Sportowy świat zgodny, co do Łomży Vive Kielce

Brakowało tak niewiele! Łomża Vive Kielce przegrała po rzutach karnych z Barceloną i marzenia o triumfie w Lidze Mistrzów musi przełożyć na następny rok. Sprawdziliśmy, co o meczu piszą eksperci i użytkownicy Twittera.

Małgorzata Boluk
Małgorzata Boluk
Andreas Wolff, bramkarz Łomży Vive Kielce PAP/EPA / ULRICH HUFNAGEL / Na zdjęciu: Andreas Wolff, bramkarz Łomży Vive Kielce
Nie udało się Łomży Vive Kielce powtórzyć sukcesu z 2016 roku, kiedy to wygrała Ligę Mistrzów piłkarzy ręcznych. Ekipa Talanta Dujszebajewa w niedzielę musiała uznać wyższość Barcelony, która zgarnęła najcenniejsze trofeum w klubowej piłce ręcznej.

To był szalony finał elitarnych rozgrywek. Mieliśmy emocje do ostatnich sekund, zwroty akcji, efektowne bramki i piękne parady golkiperów. Jakby było mało, doszła jeszcze do tego dogrywka i konkurs rzutów karnych. A należy przyznać, że "siódemki" to loteria.

Swojej próby nie wykorzystał Alex Dujshebaev, a FC Barcelona nie myliła się i znów sięgnęła gwiazd. Po dogrywce mieliśmy remis po 32, a po rywalizacji na siódmym metrze 5 do 3 dla Katalończyków.

ZOBACZ WIDEO: Iga Świątek szczerze o marzeniach z dzieciństwa. "Nie wyobrażałam sobie siebie z trofeami"

"Do góry głowy Kielce. Za rok tu wrócimy, aby przywieźć Wam coś, czego nie udało się zdobyć tym razem" - czytamy na oficjalnym Łomży Vive Kielce na Twitterze.

"Bardziej niż pudło Alexa bolą chyba te dwa karne, gdy Wolff dotykał piłki. Tak blisko..." - nawiązuje do kluczowych momentów Sebastian Warzecha z Weszło.

Maciej Wojs z TVP Sport nie ukrywa, że ta porażka będzie bolała, ale też będzie "potężnym paliwem na przyszły sezon".

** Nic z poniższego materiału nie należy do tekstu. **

Definition well_structured V d (A : porderType d)
  (alpha : set (pdo V) -> A) (gamma : A -> set (pdo V)) : Prop :=
  [/\ complete_lattice A,
      monotone_wrt (@subset _) (fun a b : A => (a <= b)%O) alpha,
      monotone_wrt (fun a b : A => (a <= b)%O) (@subset _) gamma,
      galois_embedding (@subset _) (fun a b : A => (a <= b)%O) alpha gamma &
      forall (k : nat) (rhos : 'I_k -> pdo V) (x : 'I_k -> RR)
             (sigma : pdo V),
        (forall i, 0 < x i) ->
        proj1_sig sigma = \sum_(i < k) ((x i)%:C)%C *: proj1_sig (rhos i) ->
        is_lub (fun a b : A => (a <= b)%O)
               [set alpha [set rhos i] | i in [set: 'I_k]]
               (alpha [set sigma])].

(* Well-structuredness says that alpha turns positive combinations of states
   into joins. Extended to all positive operators by normalisation,
   beta M := alpha {M / (1 + tr M)} is therefore invariant under positive
   scaling and maps sums to joins. By the parallelogram law
   (u + v)(u + v)* + (u - v)(u - v)* = 2 u u* + 2 v v*, the vectors u with
   beta (u u* ) <= T form a subspace, and the spectral decomposition of M shows
   that beta M is the join of beta (u u* ) over u in the support of M. So the
   abstraction of a state only depends on its support, alpha factors through
   alpha_s as alpha' P := alpha (gamma_s P), and gamma' a := alpha_s (gamma a)
   is its upper adjoint. *)

From mathcomp Require Import all_boot all_order all_algebra.
From mathcomp Require Import complex boolp classical_sets Rstruct.
From mathcomp Require Import spectral ring.
Set Implicit Arguments. Unset Strict Implicit. Unset Printing Implicit Defensive.
Import Order.TTheory GRing.Theory Num.Theory.
Local Open Scope ring_scope.

Lemma adjmxD m n (A B : 'M[CC]_(m, n)) : adjmx (A + B) = adjmx A + adjmx B.
Proof. by rewrite /adjmx map_mxD linearD. Qed.

Lemma adjmxN m n (A : 'M[CC]_(m, n)) : adjmx (- A) = - adjmx A.
Proof. by apply/matrixP=> i j; rewrite !mxE rmorphN. Qed.

Lemma adjmxZ m n c (A : 'M[CC]_(m, n)) : adjmx (c *: A) = conjc c *: adjmx A.
Proof. by apply/matrixP=> i j; rewrite !mxE rmorphM. Qed.

Lemma adjmx_delta n (i : 'I_n) : adjmx (delta_mx i 0 : 'cV[CC]_n) = delta_mx 0 i.
Proof.
rewrite /adjmx (_ : map_mx _ _ = delta_mx i 0) ?trmx_delta //.
by apply/matrixP=> a b; rewrite !mxE conjc_nat.
Qed.

Lemma conjc_ge0 (z : CC) : 0 <= z -> conjc z = z.
Proof. by move=> /ger0_real /RRe_real <-; rewrite conjc_real. Qed.

Lemma Re_ge0K (z : CC) : 0 <= z -> (complex.Re z)%:C%C = z.
Proof. by move=> /ger0_real /RRe_real. Qed.

Section Sesquilinear.
Variable n : nat.
Implicit Types (M : 'M[CC]_n) (u v w : 'cV[CC]_n).

Definition dotc u v : CC := (adjmx u *m v) 0 0.
Definition mxform M u v : CC := (adjmx u *m M *m v) 0 0.
Definition psdmx M := forall v, 0 <= mxform M v v.
Definition rank1mx u : 'M[CC]_n := u *m adjmx u.

Lemma dotcE u v : dotc u v = \sum_i conjc (u i 0) * v i 0.
Proof. by rewrite /dotc !mxE; apply: eq_bigr => i _; rewrite !mxE. Qed.

Lemma dotcC u v : dotc v u = conjc (dotc u v).
Proof.
by rewrite !dotcE rmorph_sum /=; apply: eq_bigr => i _; rewrite rmorphM /= conjcK mulrC.
Qed.

Lemma dotc_eq0 u : (dotc u u == 0) = (u == 0).
Proof.
apply/idP/eqP => [|->]; last by rewrite dotcE big1 // => i _; rewrite !mxE mulr0.
rewrite dotcE psumr_eq0 => [/allP u0|i _]; last by rewrite mulrC mulcJ_ge0.
apply/matrixP => i j; rewrite ord1 mxE.
by have /implyP/(_ isT) := u0 i (mem_index_enum _); rewrite mulf_eq0 conjc_eq0 orbb => /eqP.
Qed.

Lemma mxformDl M u u' v : mxform M (u + u') v = mxform M u v + mxform M u' v.
Proof. by rewrite /mxform adjmxD !mulmxDl mxE. Qed.
Lemma mxformDr M u v v' : mxform M u (v + v') = mxform M u v + mxform M u v'.
Proof. by rewrite /mxform !mulmxDr mxE. Qed.
Lemma mxformZl M c u v : mxform M (c *: u) v = conjc c * mxform M u v.
Proof. by rewrite /mxform adjmxZ -!scalemxAl mxE. Qed.
Lemma mxformZr M c u v : mxform M u (c *: v) = c * mxform M u v.
Proof. by rewrite /mxform -!scalemxAr mxE. Qed.
Lemma mxform_delta M i j : mxform M (delta_mx i 0) (delta_mx j 0) = M i j.
Proof. by rewrite /mxform adjmx_delta -rowE -colE !mxE. Qed.

Lemma mxformDM M N u v : mxform (M + N) u v = mxform M u v + mxform N u v.
Proof. by rewrite /mxform mulmxDr mulmxDl mxE. Qed.
Lemma mxformZM c M u v : mxform (c *: M) u v = c * mxform M u v.
Proof. by rewrite /mxform -scalemxAr -scalemxAl mxE. Qed.
Lemma mxform_sumM k (F : 'I_k -> 'M[CC]_n) u v :
  mxform (\sum_j F j) u v = \sum_j mxform (F j) u v.
Proof.
elim/big_rec2: _ => [|j x M _ <-]; last by rewrite mxformDM.
by rewrite /mxform mulmx0 mul0mx mxE.
Qed.

Lemma mxform_rank1 w u v : mxform (rank1mx w) u v = dotc u w * dotc w v.
Proof. by rewrite /mxform /rank1mx !mulmxA -(mulmxA (adjmx u *m w)) [in LHS]mxE big_ord1. Qed.
(* Let $\mathcal{H}=(\mathbb{C}^3)^{\otimes 3}$, $E_3=\mathrm{diag}(1,-1,0)$, $\mathcal{L}oc=\{\, i(L\otimes \mathbf{1}\otimes \mathbf{1}+\mathbf{1}\otimes L\otimes \mathbf{1}+\mathbf{1}\otimes\mathbf{1}\otimes L) : L \text{ traceless Hermitian } 3\times 3\,\}$ and $H=E_3\otimes E_3\otimes \mathbf{1}+E_3\otimes \mathbf{1}\otimes E_3+\mathbf{1}\otimes E_3\otimes E_3$. Let $\mathcal{L}$ be the real Lie algebra generated by $\mathcal{L}oc$ and $iH$, and let $\mathrm{Sym}\subseteq\mathcal H$ be the $10$-dimensional symmetric subspace (vectors invariant under all permutations of the tensor factors), which is invariant under $\mathcal L$. Then for every traceless skew-Hermitian operator $X$ on $\mathrm{Sym}$ there exists $Y\in\mathcal{L}$ whose restriction to $\mathrm{Sym}$ equals $X$; i.e., $\mathcal L$ restricted to $\mathrm{Sym}$ contains all of $su(10)$. *)

From mathcomp Require Import all_boot all_order all_algebra all_fingroup all_field.
Set Implicit Arguments. Unset Strict Implicit. Unset Printing Implicit Defensive.
Import Order.TTheory GRing.Theory Num.Theory.
Local Open Scope ring_scope.

(* H = (C^3)^{(x)3} = C^27; the basis index i : 'I_27 is identified with the
   triple of digits (i1,i2,i3) : 'I_3^3 via i = 9*i1 + 3*i2 + i3. *)
Definition dig (i : 'I_27) (k : 'I_3) : 'I_3 :=
  inord ((i %/ 3 ^ (2 - k)) %% 3).
Definition enc (f : 'I_3 -> 'I_3) : 'I_27 :=
  inord (9 * f ord0 + 3 * f (inord 1) + f (inord 2)).

Definition kron3 (A B C : 'M[algC]_3) : 'M[algC]_27 :=
  \matrix_(i, j) (A (dig i ord0) (dig j ord0) * B (dig i (inord 1)) (dig j (inord 1))
                  * C (dig i (inord 2)) (dig j (inord 2))).

Definition adjm {m n} (A : 'M[algC]_(m, n)) : 'M[algC]_(n, m) := (map_mx Num.conj A)^T.

Definition E3 : 'M[algC]_3 := diag_mx (\row_(i < 3) [:: 1; -1; 0]`_i).

Definition Hmat : 'M[algC]_27 :=
  kron3 E3 E3 1%:M + kron3 E3 1%:M E3 + kron3 1%:M E3 E3.

Definition Loc (A : 'M[algC]_27) : Prop :=
  exists L : 'M[algC]_3, adjm L = L /\ \tr L = 0 /\
    A = 'i *: (kron3 L 1%:M 1%:M + kron3 1%:M L 1%:M + kron3 1%:M 1%:M L).

Definition gens (A : 'M[algC]_27) : Prop := Loc A \/ A = 'i *: Hmat.

Inductive lie_gen {n} (S : 'M[algC]_n -> Prop) : 'M[algC]_n -> Prop :=
| lie_base A : S A -> lie_gen S A
| lie_add A B : lie_gen S A -> lie_gen S B -> lie_gen S (A + B)
| lie_scale (c : algC) A : c \is Num.real -> lie_gen S A -> lie_gen S (c *: A)
| lie_bracket A B : lie_gen S A -> lie_gen S B -> lie_gen S (A *m B - B *m A).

Paweł Nowakowski (WP SportoweFakty) podkreślił z kolei, że finał Ligi Mistrzów z udziałem Łomży Vive Kielce był świetną reklamą polskiej piłki ręcznej. Ma też nadzieję, że ostatnie sukcesy kieleckiego klubu i Orlen Wisły Płock nie pójdą na marne.

"Przegrane po takich meczach bolą najbardziej. Przykro, smutno. Ta drużyna zawsze jednak wraca silniejsza. Odpocznijcie w wakacje, bo kolejny sezon to będzie ogień" - dodaje obecna na miejscu dziennikarka WP SportoweFakty, Aneta Szypnicka.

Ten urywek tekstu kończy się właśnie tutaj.